Отблеск электрических ламп, спрятанных в три цветных колпака абажура, ложился на стекло окна, которое казалось бы совершенно темным, если бы мокрый снег не налипал снаружи на стекла.
— Хоть бы скорее окончились учения, — кисло сказала Лиля.
Однако Софья Романовна не откликнулась на пожелание внучки.
Лиля капризно заявила:
— Что я, каторжная? Должна сидеть в этой берлоге.
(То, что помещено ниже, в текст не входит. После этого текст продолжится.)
(* Let $R$ be a commutative ring and $I$ an invertible fractional ideal of $R$. If $M_1,\ldots,M_n$ are $R$-submodules of $T(R)$ with $I=\bigcup_{k=1}^n M_k$, then $I=M_k$ for some $k$.
   Context: All rings are commutative with $1\neq 0$. $T(R)$ denotes the total ring of fractions of $R$. A fractional ideal of $R$ is an $R$-submodule $I\subseteq T(R)$ such that $aI\subseteq R$ for some nonzerodivisor $a\in R$; for fractional ideals $I,J$, $IJ$ is the set of finite sums $\sum x_iy_i$ with $x_i\in I$, $y_i\in J$. A fractional ideal $I$ is invertible if $IJ=R$ for some fractional ideal $J$. *)

From mathcomp Require Import all_boot all_algebra.
Set Implicit Arguments. Unset Strict Implicit. Unset Printing Implicit Defensive.
Import GRing.Theory.
Local Open Scope ring_scope.

Definition nonzerodivisor (R : comNzRingType) (s : R) : Prop :=
  forall r : R, r * s = 0 -> r = 0.

(* This characterizes T(R) = S^{-1}R (S = nonzerodivisors)
   up to unique R-isomorphism. *)
Definition total_ring_of_fractions (R : comNzRingType) (T : comUnitRingType)
    (f : {rmorphism R -> T}) : Prop :=
  [/\ injective f,
      (forall s : R, nonzerodivisor s -> f s \is a GRing.unit) &
      (forall t : T, exists a s : R, nonzerodivisor s /\ t = f a / f s)].

Definition Rsubmodule (R : comNzRingType) (T : comUnitRingType)
    (f : {rmorphism R -> T}) (M : T -> Prop) : Prop :=
  [/\ M 0,
      (forall x y, M x -> M y -> M (x + y)) &
      (forall (r : R) x, M x -> M (f r * x))].

Definition fractional_ideal (R : comNzRingType) (T : comUnitRingType)
    (f : {rmorphism R -> T}) (I : T -> Prop) : Prop :=
  Rsubmodule f I /\
  exists a : R, nonzerodivisor a /\
    forall x, I x -> exists r : R, f a * x = f r.

Definition ideal_prod (T : comUnitRingType) (I J : T -> Prop) : T -> Prop :=
  fun z => exists (n : nat) (xs ys : 'I_n -> T),
    [/\ forall i, I (xs i), forall i, J (ys i) & z = \sum_(i < n) xs i * ys i].

Definition invertible_fractional_ideal (R : comNzRingType) (T : comUnitRingType)
    (f : {rmorphism R -> T}) (I : T -> Prop) : Prop :=
  fractional_ideal f I /\
  exists J : T -> Prop, fractional_ideal f J /\
    forall z, ideal_prod I J z <-> exists r : R, z = f r.

(* For a submodule M of T(R), the colon ideal (M : I) = {r | rI ⊆ M} is all of R
   exactly when I ⊆ M.  With J the inverse of I, the submodules
   S(A) = {x | xJ ⊆ A} of T(R) satisfy AI ⊆ S(A), and S(A) does not contain I when
   the ideal A is proper, since 1 ∈ IJ.  If no M_k contains I, the x ∈ I lying in
   M_k lie in S((M_k : I)), so it suffices that I is not covered by the S(A_k) of
   finitely many proper ideals A_k.  This follows by induction on their number:
   if two of them have a proper sum, replace them by it; otherwise the last one
   is comaximal with all others, which yields e ∈ ∩_{k<n} A_k with 1 - e ∈ A_n,
   and an element x avoiding the first n - 1 sets can be corrected to x + e w
   with w ∈ I outside S(A_n). *)
From mathcomp Require Import all_boot all_algebra.
From mathcomp Require Import ring.
From Stdlib Require Import Classical.
Set Implicit Arguments. Unset Strict Implicit. Unset Printing Implicit Defensive.
Import GRing.Theory.
Local Open Scope ring_scope.

Section Ideals.

Variable R : comNzRingType.

Definition is_ideal (A : R -> Prop) : Prop :=
  [/\ A 0, (forall a b, A a -> A b -> A (a + b)) & (forall r a, A a -> A (r * a))].

Definition ideal_add (A B : R -> Prop) : R -> Prop :=
  fun z => exists a b, [/\ A a, B b & z = a + b].

Lemma ideal_add_ideal A B : is_ideal A -> is_ideal B -> is_ideal (ideal_add A B).
Proof.
case=> A0 AD AM [B0 BD BM]; split.
- by exists 0, 0; rewrite addr0.
- move=> _ _ [a [b [Aa Bb ->]]] [a' [b' [Aa' Bb' ->]]].
  by exists (a + a'), (b + b'); rewrite addrACA; split; [apply: AD|apply: BD|].
- move=> r _ [a [b [Aa Bb ->]]].
  by exists (r * a), (r * b); rewrite mulrDr; split; [apply: AM|apply: BM|].
Qed.

Lemma ideal_addl A B a : is_ideal B -> A a -> ideal_add A B a.
Proof. by case=> B0 _ _ Aa; exists a, 0; rewrite addr0. Qed.

Lemma ideal_addr A B b : is_ideal A -> B b -> ideal_add A B b.
Proof. by case=> A0 _ _ Bb; exists 0, b; rewrite add0r. Qed.

Lemma comaximal_family n (A : 'I_n -> R -> Prop) (B : R -> Prop) :
  (forall k, is_ideal (A k)) -> is_ideal B -> (forall k, ideal_add (A k) B 1) ->
  exists e, (forall k, A k e) /\ B (1 - e).
Proof.
move=> idA [B0 BD BM] comax.
have /fin_all_exists [a Ba] : forall k, exists a, A k a /\ B (1 - a).
  move=> k; have [a [b [Aa Bb e1]]] := comax k.
  by exists a; rewrite e1 addrAC subrr add0r.
exists (\prod_(k < n) a k); split.
  move=> k; rewrite (bigD1 k) //= mulrC.
  by have [_ _ AM] := idA k; apply: AM; apply: (Ba k).1.
apply: (big_ind (fun p => B (1 - p))); first by rewrite subrr.
- move=> p q Bp Bq.
  have -> : 1 - p * q = (1 - p) + p * (1 - q) by ring.
  exact: BD _ _ Bp (BM _ _ Bq).
- by move=> k _; apply: (Ba k).2.
Qed.

End Ideals.

Section Avoidance.

Variables (R : comNzRingType) (T : comUnitRingType) (f : {rmorphism R -> T}).
Variables (N : T -> Prop) (S : (R -> Prop) -> T -> Prop).

Hypothesis N_submod : Rsubmodule f N.
Hypothesis S_submod : forall A, is_ideal A -> Rsubmodule f (S A).
Hypothesis S_mono : forall (A B : R -> Prop) x, (forall r, A r -> B r) -> S A x -> S B x.
Hypothesis S_base : forall A r x, is_ideal A -> A r -> N x -> S A (f r * x).
Hypothesis S_proper : forall A, is_ideal A -> ~ A 1 -> exists x, N x /\ ~ S A x.

Definition avoids n (A : 'I_n -> R -> Prop) x := N x /\ forall k, ~ S (A k) x.

Lemma S_addK A x y : is_ideal A -> S A (x + y) -> S A y -> S A x.
Proof.
move=> idA Sxy Sy; have [_ SD SM] := S_submod idA.
have -> : x = (x + y) + f (-1) * y by rewrite rmorphN1 mulN1r addrK.
by apply: SD => //; apply: SM.
Qed.

Lemma avoids_comaximal n (A : 'I_n.+1 -> R -> Prop) x :
  (forall k, is_ideal (A k)) -> ~ A ord0 1 ->
  (forall k, ideal_add (A (lift ord0 k)) (A ord0) 1) ->
  avoids (A \o lift ord0) x -> exists x, avoids A x.
Proof.
move=> idA A0_proper comax [Nx x_avoids].
have [w [Nw w_out]] := S_proper (idA ord0) A0_proper.
have [e [Ae A0e]] := comaximal_family (fun k => idA _) (idA ord0) comax.
have [_ ND NM] := N_submod.
have [Sx0|x_out0] := classic (S (A ord0) x); last first.
  by exists x; split=> // j; case: (unliftP ord0 j) => [k|] ->; [apply: x_avoids|].
exists (x + f e * w); split; first by apply: ND => //; apply: NM.
move=> j; case: (unliftP ord0 j) => [k|] -> Sj.
- apply: (x_avoids k); apply: S_addK Sj _ => //.
  by apply: S_base.
- apply: w_out.
  have Sew : S (A ord0) (f e * w) by rewrite addrC in Sj; apply: S_addK Sj Sx0.
  have -> : w = f (1 - e) * w + f e * w by rewrite -mulrDl -rmorphD subrK rmorph1 mul1r.
  have [_ SD _] := S_submod (idA ord0).
  by apply: SD => //; apply: S_base.
Qed.

Lemma avoids_merge n (A : 'I_n.+1 -> R -> Prop) k :
  (forall B : 'I_n -> R -> Prop, (forall i, is_ideal (B i)) -> (forall i, ~ B i 1) ->
     exists x, avoids B x) ->
  (forall k, is_ideal (A k)) -> (forall k, ~ A k 1) ->
  ~ ideal_add (A (lift ord0 k)) (A ord0) 1 -> exists x, avoids A x.
Proof.
move=> IH idA A_proper merged_proper.
pose B i := if i == k then ideal_add (A (lift ord0 i)) (A ord0) else A (lift ord0 i).
have [||x [Nx x_avoids]] := IH B.
- by move=> i; rewrite /B; case: ifP => _; [apply: ideal_add_ideal|].
- by move=> i; rewrite /B; case: ifP => [/eqP->|_].
exists x; split=> // j; case: (unliftP ord0 j) => [i|] -> Sj.
- apply: (x_avoids i); rewrite /B; case: ifP => // _.
  by apply: S_mono Sj => r; apply: ideal_addl (idA _).
- apply: (x_avoids k); rewrite /B eqxx.
  by apply: S_mono Sj => r; apply: ideal_addr (idA _).
Qed.

Theorem ideal_family_avoidance n (A : 'I_n -> R -> Prop) :
  (forall k, is_ideal (A k)) -> (forall k, ~ A k 1) -> exists x, avoids A x.
Proof.
elim: n A => [|n IH] A idA A_proper.
  by exists 0; split=> [|[]//]; case: N_submod.
have [[k merged_proper]|comax] :=
  classic (exists k, ~ ideal_add (A (lift ord0 k)) (A ord0) 1).
  exact: avoids_merge IH idA A_proper merged_proper.
have [x x_avoids] := IH (A \o lift ord0) (fun k => idA _) (fun k => A_proper _).
apply: avoids_comaximal x_avoids => // k.
by apply: NNPP => not_comax; apply: comax; exists k.
Qed.

End Avoidance.

Section Transporter.

Variables (R : comNzRingType) (T : comUnitRingType) (f : {rmorphism R -> T}).
Variables (I J : T -> Prop).

Hypothesis prod_IJ : forall x y, I x -> J y -> exists r, x * y = f r.

Definition transporter (A : R -> Prop) : T -> Prop :=
  fun x => forall y, J y -> exists r, A r /\ x * y = f r.

Definition colon_ideal (M : T -> Prop) : R -> Prop :=
  fun r => forall x, I x -> M (f r * x).

Lemma transporter_submod A : is_ideal A -> Rsubmodule f (transporter A).
Proof.
case=> A0 AD AM; split.
- by move=> y _; exists 0; rewrite mul0r rmorph0.
- move=> x x' Sx Sx' y Jy; rewrite mulrDl.
  have [r [Ar ->]] := Sx y Jy; have [r' [Ar' ->]] := Sx' y Jy.
  by exists (r + r'); rewrite rmorphD; split; first apply: AD.
- move=> s x Sx y Jy; have [r [Ar e]] := Sx y Jy.
  by exists (s * r); rewrite rmorphM -e mulrA; split; first apply: AM.
Qed.

Lemma transporter_mono (A B : R -> Prop) x :
  (forall r, A r -> B r) -> transporter A x -> transporter B x.
Proof. by move=> AB Sx y Jy; have [r [/AB Br e]] := Sx y Jy; exists r. Qed.

Lemma transporter_base A r x : is_ideal A -> A r -> I x -> transporter A (f r * x).
Proof.
case=> _ _ AM Ar Ix y Jy; have [s e] := prod_IJ Ix Jy.
by exists (s * r); rewrite rmorphM -e; split; [apply: AM | ring].
Qed.

Lemma transporter_proper A :
  injective f -> ideal_prod I J 1 -> is_ideal A -> ~ A 1 ->
  exists x, I x /\ ~ transporter A x.
Proof.
move=> finj [m [xs [ys [Ixs Jys one_sum]]]] [A0 AD _] A1.
apply: NNPP => no_out; apply: A1.
have /fin_all_exists [r Ar] : forall i, exists r, A r /\ xs i * ys i = f r.
  by move=> i; apply: NNPP => not_in; apply: no_out; exists (xs i); split=> // /(_ _ (Jys i)).
have -> : (1 : R) = \sum_(i < m) r i.
  by apply: finj; rewrite rmorph1 one_sum rmorph_sum; apply: eq_bigr => i _; apply: (Ar i).2.
by apply: big_ind => // i _; apply: (Ar i).1.
Qed.

Lemma colon_ideal_ideal M : Rsubmodule f M -> is_ideal (colon_ideal M).
Proof.
case=> M0 MD MM; split.
- by move=> x _; rewrite rmorph0 mul0r.
- by move=> a b Ma Mb x Ix; rewrite rmorphD mulrDl; apply: MD; [apply: Ma|apply: Mb].
- by move=> r a Ma x Ix; rewrite rmorphM -mulrA; apply: MM; apply: Ma.
Qed.

Lemma transporter_colon M x :
  Rsubmodule f M -> I x -> M x -> transporter (colon_ideal M) x.
Proof.
case=> _ _ MM Ix Mx y Jy; have [r e] := prod_IJ Ix Jy; exists r; split=> // z Iz.
have [s es] := prod_IJ Iz Jy.
have -> : f r * z = f s * x by rewrite -e -es; ring.
exact: MM.
Qed.

End Transporter.

Theorem corollary3p2 (R : comNzRingType) (T : comUnitRingType)
    (f : {rmorphism R -> T}) (hT : total_ring_of_fractions f)
    (I : T -> Prop) (hI : invertible_fractional_ideal f I)
    (n : nat) (M : 'I_n -> T -> Prop)
    (hM : forall k, Rsubmodule f (M k))
    (hU : forall x, I x <-> exists k, M k x) :
  exists k : 'I_n, forall x, I x <-> M k x.
Proof.
have [finj _ _] := hT.
case: hI => [[I_submod _] [J [_ IJ_eq]]].
have prod_IJ x y : I x -> J y -> exists r, x * y = f r.
  by move=> Ix Jy; apply/IJ_eq; exists 1%N, (fun=> x), (fun=> y); rewrite big_ord1.
have one_IJ : ideal_prod I J 1 by apply/IJ_eq; exists 1; rewrite rmorph1.
apply: NNPP => no_k.
have colon_proper k : ~ colon_ideal f I (M k) 1.
  move=> I_in_Mk; apply: no_k; exists k => x; split=> [Ix|Mx]; last by apply/hU; exists k.
  by have := I_in_Mk x Ix; rewrite rmorph1 mul1r.
have [x [Ix x_out]] := ideal_family_avoidance I_submod (@transporter_submod _ _ f J)
  (@transporter_mono _ _ f J) (transporter_base prod_IJ)
  (fun A => transporter_proper finj one_IJ)
  (fun k => colon_ideal_ideal I (hM k)) colon_proper.
have [k Mkx] := (hU x).1 Ix.
exact: x_out k (transporter_colon prod_IJ (hM k) Ix Mkx).
Qed.
Lemma nonint_paths_below_row :
  nonint_paths a s (c - 1) (map (entry_column a c) F) (map (below_row c) F).
Proof.
case: F_nonint => _ _ Fdisj; split=> [|i|i j]; rewrite ?size_map ?sF // => ilt.
  by rewrite nth_below // nth_entry //; case: (split_nth ilt).
move=> jlt ij; rewrite !nth_below //; apply/meet_pathsPn => p.
rewrite !mem_filter => /andP[_ pi]; apply/negP => /andP[_ pj].
by move/meet_pathsPn: (Fdisj i j ilt jlt ij) => /(_ p pi); rewrite pj.
Qed.

(* A path entering the top row at or left of the end of the previous path would meet it. *)
Lemma interlaces_entry_columns l : sorted leq xs -> avoids_row_prefix a c l F ->
  interlaces l xs (map (entry_column a c) F).
Proof.
case: F_nonint => _ Fpath Fdisj xs_sorted Favoids.
split=> [|i ilt|xs0|i ilt]; first by rewrite size_map.
- by rewrite nth_entry //; case: (split_nth ilt).
- rewrite nth_entry //; case: (split_nth xs0) => F0 _ _.
  have := Favoids 0%N (a + (entry_column a c (nth [::] F 0))%:Z, c); rewrite sF.
  by rewrite [X in _ \in X]F0 mem_extend_path_entry => /(_ xs0 isT erefl) /=; lia.
- rewrite nth_entry //; apply: contraT; rewrite -leqNgt => le_bx.
  have iltS : (i < size xs)%N by lia.
  have end_i : (a + (nth 0%N xs i)%:Z, c) \in nth [::] F i := lattice_path_last (Fpath i iltS).
  have end_iS : (a + (nth 0%N xs i)%:Z, c) \in nth [::] F i.+1.
    case: (split_nth ilt) => -> _ le_x; rewrite mem_cat mem_hseg /=.
    by have := @sorted_nth_leq xs i i.+1 xs_sorted; lia.
  have := Fdisj i i.+1 iltS ilt (negbT (ltn_eqF (ltnSn i))).
  by move/meet_pathsPn => /(_ _ end_i); rewrite end_iS.
Qed.

End SplitFamily.

Lemma nonint_paths_cons a b x xs G :
  nonint_paths a (b - 1) b xs G -> avoids_row_prefix a b x.+1 G ->
  nonint_paths a b b (x :: xs) (hseg b a x :: G).
Proof.
case=> sG Gpath Gdisj Gavoids; have shift k : b - k.+1%:Z = b - 1 - k%:Z by lia.
split=> [|[|i] ilt|[|i] [|j] //= ilt jlt ij]; rewrite /= ?sG //.
- by have := lattice_path_hseg b a x; rewrite subr0.
- by rewrite shift; apply: Gpath.
- apply/meet_pathsPn => p; rewrite mem_hseg => /andP[/eqP pb px]; apply/negP => pj.
  by have := Gavoids j p; rewrite sG => /(_ jlt pj pb); lia.
- apply/meet_pathsPn => p pi; rewrite mem_hseg; apply/andP => -[/eqP pb px].
  by have := Gavoids i p; rewrite sG => /(_ ilt pi pb); lia.
- exact: Gdisj.
Qed.

Lemma nonint_paths_consP a b x xs F : nonint_paths a b b (x :: xs) F ->
  exists2 G, nonint_paths a (b - 1) b xs G /\ avoids_row_prefix a b x.+1 G & F = hseg b a x :: G.
Proof.
case: F => [|P G] [//= [sG] Fpath Fdisj]; have shift k : b - k.+1%:Z = b - 1 - k%:Z by lia.
have Ppath : lattice_path (a, b) (a + x%:Z, b) P by have := Fpath 0%N isT; rewrite subr0.
have EP := lattice_path_horizontal Ppath erefl.
have {}EP : P = hseg b a x by rewrite EP /=; congr hseg; lia.
exists G; last by rewrite EP.
split.
  split=> // [i ilt|i j ilt jlt ij]; last exact: (Fdisj i.+1 j.+1).
  by rewrite -shift; apply: (Fpath i.+1).
move=> i p; rewrite sG => ilt pi pb; have /= := Fpath i.+1 ilt.
move/lattice_path_box/(_ p pi) => /= [/andP[ap _] _]; rewrite leNgt; apply/negP => px.
have : p \in P by rewrite EP mem_hseg pb eqxx /=; lia.
by move/meet_pathsPn: (Fdisj 0%N i.+1 isT ilt isT) => /[apply]; rewrite pi.
Qed.
Lemma dotv_cone_normal_shift (b beta : 'rV[R]_m) q :
  dotv (cone_normal lam b) q = dotv (cone_normal lam beta) q + dotv (b - beta) (rsubmx q).
Proof. by rewrite !dotv_cone_normal dotvBl addrACA subrr addr0. Qed.

Lemma C_G_shrink (beta : 'rV[R]_m) s th q z : enorm beta = 1 -> 0 < s -> 0 < th ->
  th * dotv (rsubmx q) (rsubmx q) <= s * dotv (cone_normal lam beta) q ->
  enorm (z - row_mx (s *: lam) (s *: beta)) < th * dotv (cone_normal lam beta) q / 4 ->
  forall b, G b -> dotv (cone_normal lam b) z <= th * dotv (cone_normal lam b) q.
Proof.
move=> beta1 s_gt0 th_gt0 thY zp b Gb.
set p0 := row_mx _ _ in zp; set g := dotv (cone_normal lam beta) q in thY zp.
set Y2 := dotv (rsubmx q) (rsubmx q) in thY.
set delta := dotv (b - beta) (b - beta); set cross := dotv (b - beta) (rsubmx q).
have wz : dotv (cone_normal lam b) z <= - (s / 2) * delta + 2 * enorm (z - p0).
  have := dotv_cone_normal_le (z - p0) lam1 (G_unit Gb).
  by rewrite dotvBr (dotv_cone_normal_apex s (G_unit Gb) beta1) -/delta; lra.
(* AM-GM with weight s / th lets the curvature term - (s / 2) |b - beta|^2 absorb
   the cross term. *)
have amgm : - ((s * delta + th * (th * Y2) / s) / 2) <= th * cross.
  rewrite [X in X <= _](_ : _ = th * - ((s / th * delta + Y2 / (s / th)) / 2)).
    by apply: ler_wpM2l; [exact: ltW | exact: dotv_ge_amgm (divr_gt0 s_gt0 th_gt0)].
  by field; rewrite !gt_eqF.
have : th * (th * Y2) / s <= th * g.
  by rewrite ler_pdivrMr // -mulrA ler_wpM2l ?(ltW th_gt0) // [g * s]mulrC.
rewrite (dotv_cone_normal_shift b beta q) -/g -/cross mulrDr; lra.
Qed.
(* Let $w=(w_n)$ be any bounded sequence of positive real numbers. The unilateral weighted backward shift $B_w:\ell^\infty(\mathbb N)\to\ell^\infty(\mathbb N)$, $(B_wx)_n=w_n x_{n+1}$ ($n\in\mathbb N$), is not recurrent; and for a bounded sequence of positive reals $w=(w_n)_{n\in\mathbb Z}$, the bilateral weighted backward shift $B_w:\ell^\infty(\mathbb Z)\to\ell^\infty(\mathbb Z)$, $(B_wx)_n=w_n x_{n+1}$ ($n\in\mathbb Z$), is not recurrent.
   Context: $\ell^\infty(\mathbb N)$, $\ell^\infty(\mathbb Z)$ are the Banach spaces of bounded complex sequences with the supremum norm. An operator $T$ on a Banach space $X$ is recurrent if for every non-empty open $U\subset X$ there is a positive integer $k$ with $U\cap T^{-k}(U)\neq\emptyset$. *)

From Stdlib Require Import Reals ZArith.
From Coquelicot Require Import Coquelicot.
Open Scope R_scope.

Definition linf_bounded {I : Type} (x : I -> C) : Prop :=
  exists M : R, forall n, Cmod (x n) <= M.

(* Open sup-norm ball: sup_n |x_n - y_n| < r, written out as
   "there is s < r bounding all |x_n - y_n|". *)
Definition linf_ball {I : Type} (x : I -> C) (r : R) (y : I -> C) : Prop :=
  exists s : R, s < r /\ forall n, Cmod (Cminus (x n) (y n)) <= s.

Definition linf_open {I : Type} (U : (I -> C) -> Prop) : Prop :=
  (forall x, U x -> linf_bounded x) /\
  forall x, U x -> exists r : R, 0 < r /\
    forall y, linf_bounded y -> linf_ball x r y -> U y.

Definition linf_recurrent {I : Type} (T : (I -> C) -> (I -> C)) : Prop :=
  forall U : (I -> C) -> Prop, linf_open U -> (exists x, U x) ->
    exists k : nat, (1 <= k)%nat /\ exists x, U x /\ U (Nat.iter k T x).

Definition uni_bshift (w : nat -> R) (x : nat -> C) : nat -> C :=
  fun n => Cmult (RtoC (w n)) (x (S n)).

Definition bi_bshift (w : Z -> R) (x : Z -> C) : Z -> C :=
  fun n => Cmult (RtoC (w n)) (x (n + 1)%Z).

(* A weighted backward shift with positive weights moves every coordinate
   along without changing its sign: (B^k x)_i is a positive multiple of
   x_(i+k).  Take y with y_i = 1 and y_(i+k) = -1 for all k >= 1.  A
   sequence x in the ball of radius 1/2 around y has Re x_(i+k) < 0, so
   Re (B^k x)_i < 0 and B^k x lies outside that ball. *)

From Stdlib Require Import Reals ZArith Lia Lra.
From Coquelicot Require Import Coquelicot.
Open Scope R_scope.

Section Recurrence.

Context {I : Type}.

Lemma linf_ball_refl (y : I -> C) (r : R) : 0 < r -> linf_ball y r y.
Proof.
  intros Hr. exists 0. split; [exact Hr |]. intros n.
  replace (Cminus (y n) (y n)) with (RtoC 0) by ring.
  rewrite Cmod_0. apply Rle_refl.
Qed.

Lemma linf_open_ball (y : I -> C) (r : R) :
  linf_open (fun x => linf_bounded x /\ linf_ball y r x).
Proof.
  split; [now intros x [Hx _] |].
  intros x [_ [s [Hs Hx]]]. exists (r - s). split; [lra |].
  intros z Hz [t [Ht Hxz]]. split; [exact Hz |].
  exists (s + t). split; [lra |]. intros n.
  replace (Cminus (y n) (z n))
    with (Cplus (Cminus (y n) (x n)) (Cminus (x n) (z n))) by ring.
  eapply Rle_trans; [apply Cmod_triangle |].
  specialize (Hx n). specialize (Hxz n). lra.
Qed.

Lemma Re_lt_of_Cmod_lt (a : R) (z : C) (r : R) :
  Cmod (Cminus (RtoC a) z) < r -> a - r < fst z < a + r.
Proof.
  intros H. pose proof (re_le_Cmod (Cminus (RtoC a) z)) as Hre.
  simpl in Hre. apply Rabs_le_between in Hre. lra.
Qed.

Lemma not_linf_recurrent_of_sign_reversal
    (T : (I -> C) -> (I -> C)) (y : I -> C) :
  linf_bounded y ->
  (forall k x, (1 <= k)%nat -> exists i j c, 0 < c /\
      y i = RtoC 1 /\ y j = RtoC (-1) /\
      Nat.iter k T x i = Cmult (RtoC c) (x j)) ->
  ~ linf_recurrent T.
Proof.
  intros Hy Hsign Hrec.
  destruct (Hrec _ (linf_open_ball y (1/2)))
    as [k [Hk [x [[_ [s [Hs Hx]]] [_ [t [Ht HTx]]]]]]].
  { exists y. split; [exact Hy | apply linf_ball_refl; lra]. }
  destruct (Hsign k x Hk) as [i [j [c [Hc [Hyi [Hyj HTij]]]]]].
  specialize (Hx j). specialize (HTx i).
  rewrite Hyj in Hx. rewrite Hyi, HTij in HTx.
  assert (Hxj := Re_lt_of_Cmod_lt (-1) (x j) (1/2) ltac:(lra)).
  assert (HTxi := Re_lt_of_Cmod_lt 1 (Cmult (RtoC c) (x j)) (1/2) ltac:(lra)).
  simpl in HTxi. rewrite Rmult_0_l, Rminus_0_r in HTxi.
  assert (c * fst (x j) < 0) by nra. lra.
Qed.

End Recurrence.

Section WeightedShift.

Context {I : Type} (s : I -> I) (w : I -> R).

Definition weighted_shift (x : I -> C) : I -> C :=
  fun n => Cmult (RtoC (w n)) (x (s n)).

Hypothesis w_pos : forall n, 0 < w n.

Lemma iter_weighted_shift (k : nat) (x : I -> C) (n : I) :
  exists c, 0 < c /\
    Nat.iter k weighted_shift x n = Cmult (RtoC c) (x (Nat.iter k s n)).
Proof.
  revert n. induction k as [| k IH]; intros n.
  - exists 1. split; [lra | simpl; ring].
  - destruct (IH (s n)) as [c [Hc E]]. exists (w n * c). split.
    + now apply Rmult_lt_0_compat.
    + rewrite Nat.iter_succ_r with (f := s).
      simpl. unfold weighted_shift at 1. rewrite E, RtoC_mult. ring.
Qed.

Theorem weighted_shift_not_recurrent
    (eq_dec : forall a b : I, {a = b} + {a <> b}) (i0 : I) :
  (forall k, (1 <= k)%nat -> Nat.iter k s i0 <> i0) ->
  ~ linf_recurrent weighted_shift.
Proof.
  intros Haperiodic.
  apply (not_linf_recurrent_of_sign_reversal _
           (fun n => if eq_dec n i0 then RtoC 1 else RtoC (-1))).
  - exists 1. intros n.
    destruct (eq_dec n i0); rewrite Cmod_R; apply Rabs_le; lra.
  - intros k x Hk. destruct (iter_weighted_shift k x i0) as [c [Hc E]].
    exists i0, (Nat.iter k s i0), c.
    destruct (eq_dec i0 i0) as [_ | ]; [| congruence].
    destruct (eq_dec (Nat.iter k s i0) i0) as [Heq | _].
    + now apply (Haperiodic k Hk) in Heq.
    + easy.
Qed.

End WeightedShift.

Lemma iter_succ_nat (k : nat) : Nat.iter k S O = k.
Proof. induction k as [| k IH]; simpl; congruence. Qed.

Lemma iter_succ_Z (k : nat) : Nat.iter k (fun n => (n + 1)%Z) 0%Z = Z.of_nat k.
Proof. induction k as [| k IH]; simpl; [reflexivity | rewrite IH; lia]. Qed.

Theorem theorem5p1 :
  (forall w : nat -> R,
     (forall n, 0 < w n) -> (exists M : R, forall n, w n <= M) ->
     ~ linf_recurrent (uni_bshift w)) /\
  (forall w : Z -> R,
     (forall n, 0 < w n) -> (exists M : R, forall n, w n <= M) ->
     ~ linf_recurrent (bi_bshift w)).
Proof.
  (* [uni_bshift w] and [bi_bshift w] are [weighted_shift] along the
     successor map up to conversion. *)
  split; intros w Hw _.
  - apply (weighted_shift_not_recurrent S w Hw Nat.eq_dec O).
    intros k Hk. rewrite iter_succ_nat. lia.
  - apply (weighted_shift_not_recurrent (fun n => (n + 1)%Z) w Hw Z.eq_dec 0%Z).
    intros k Hk. rewrite iter_succ_Z. lia.
Qed.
И дохнуть от скуки.
Она постучала ложкой о чашку, будто призывая невидимое общество мобилизоваться и обратить внимание на ее девчоночьи нужды. Но, кроме кота Василия, который дремал возле печки, никто не отреагировал на сигнал бедствия из-за стола, потому что Софья Романовна отличалась железным характером и выслушивать нытье внучки считала такой же рядовой неизбежностью, как уборка квартиры и кухонные хлопоты. Кот Василий приподнял правое ухо, хотел было открыть глаза, но явно передумал: ресницы дернулись чуть заметно. И все.
Софья Романовна назидательно сказала:
— Каретное далеко… Чем там, лучше уж нигде не работать. Пой, читай… Вяжи, шей…
— Мне не семьдесят лет, — горячо возразила Лиля. — Ты в моем возрасте уже орден Красного Знамени имела…
— Опережаешь события на целых пять лет, — возразила Софья Романовна. — Орден я получила в двадцать четыре года.
— Очень преклонный возраст, — хмыкнула Лиля.
— Тебе пока еще девятнадцать…
— Думаешь, в двадцать четыре я заслужу хотя бы медаль?